Old Dominion is moving to resume its reign over the women's game

There was a time in women's basketball when one superior athlete could dominate games night after night just by showing up. But Southern Cal's 6'3" Cheryl Miller, probably the best female player ever and the queen of every court upon which she glides these days, doesn't have that luxury.

Case in point: Last Friday night in Norfolk, Va., home of America's largest naval base as well as one of its top women's air force units in the form of the Old Dominion Lady Monarchs, Miller scored 18 points, got nine rebounds, made at least two more steals than the pair she was credited with and, as Billy Crystal's Fernando would say, looked mah-velous doing it. "Cheryl has a way of making everyone else inconspicuous," said Old Dominion forward Medina Dixon, the second most conspicuous player on the court and, possibly, in the nation.
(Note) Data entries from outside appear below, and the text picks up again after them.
(* Let $s\in\{1,2\}$. Let real sequences $\zeta(t)$ and $\phi_i(t)$ ($i\in\mathscr C_s$) satisfy, for every $t$ and every $k\in\mathscr C_s$, the update inclusions $$\zeta(t+1)-\zeta(t)\in\frac{\tau^2\eta}{2n}\sum_{i\in\mathscr C_s}\left[\zeta(t)+\phi_i(t)\right]^2+\left[-\tfrac32\eta\tau\kappa\mathcal L,\ \tfrac32\eta\tau\kappa\mathcal L\right],$$ $$\phi_k(t+1)-\phi_k(t)\in\eta\left[\frac{\kappa^2d}{4n}(|\phi_k(t)|+|\zeta(t)|)^2-\frac52\kappa\tau\mathcal L,\ \frac{3\kappa^2d}{4n}(|\phi_k(t)|+|\zeta(t)|)^2+\frac52\kappa\tau\mathcal L\right].$$ Suppose there exist constants $c^{(t)}\in\left(0,\frac{8}{1+8\mathfrak c}\right)$ and $8\le C^{(\phi)}\le n$, and $t_0\le c^{(t)}\left(\tau^2\eta|\zeta(0)|\right)^{-1}$, such that: 1. $\sqrt{\frac{32\mathcal Ln}{\mathfrak c^2\sqrt d}}\le|\zeta(0)|\le\frac{\mathfrak c(8-c^{(t)})}{16\eta\tau^2}$; 2. $|\phi_k(0)|\le\frac{\mathfrak c}{8}|\zeta(0)|$ for all $k\in\mathscr C_s$; 3. $\mathfrak c\le\min\left\{\frac14-\frac{2}{C^{(\phi)}},\frac{nC^{(\phi)}}{4},\left(\frac{n}{48}\right)^{1/3},\frac18\right\}$. Then for all $t\le t_0$ and all $k\in\mathscr C_s$: (a) if $\zeta(0)>0$, then $\left[\zeta(0)^{-1}-(\frac18-\mathfrak c)\eta\tau^2t\right]^{-1}\le\zeta(t)\le\left[\zeta(0)^{-1}-(\frac18+\mathfrak c)\eta\tau^2t\right]^{-1}$, while if $\zeta(0)<0$, then $\zeta(0)\le\zeta(t)\le0$; (b) $|\phi_k(t)|\le\frac{C^{(\phi)}\mathfrak c^2}{n}|\zeta(t)|+\frac{\mathfrak c}{8}|\zeta(0)|$.
   Context: Here $\tau,\kappa,\eta,\mathcal L>0$, $d,n$ positive integers with $4\mid n$, $\mathscr C_s\subseteq[n]$ has size $n/4$, and $\mathfrak c=\frac{8\kappa\sqrt d}{\tau}$. In the paper, $\zeta(t)=\zeta^{(s)}(t)=\boldsymbol w_r(t)^\top\boldsymbol\mu^{(s)}$ and $\phi_k(t)=\boldsymbol w_r(t)^\top\boldsymbol\xi_k$ for a fixed neuron of a one-hidden-layer network with cubic activation $\sigma(z)=\frac13z^3$ trained by gradient descent with step size $\eta$ on Gaussian mixture data with cluster-mean norm $\tau$, noise variance $\kappa^2$, dimension $d$; $\mathcal L$ bounds $|\sigma'|$. *)

From HB Require Import structures.
From mathcomp Require Import all_boot all_order all_algebra.
From mathcomp Require Import all_classical all_reals all_analysis.
Set Implicit Arguments. Unset Strict Implicit. Unset Printing Implicit Defensive.
Import Order.TTheory GRing.Theory Num.Theory.
Local Open Scope ring_scope.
But the Lady Monarchs prevailed 52-48, just as they did last season when Miller scored 38 points in a 102-90 USC loss in Norfolk. Last week's defeat was the third in a row on a tough road trip for the two-time defending NCAA champion Trojans, who earlier had fallen to Georgia (77-56) and Tennessee (71-60). Old Dominion, meanwhile, was 15-0 after a 64-63 victory at Kentucky on Sunday, and the No. 1 team in what is considered a pick 'em year in women's hoops.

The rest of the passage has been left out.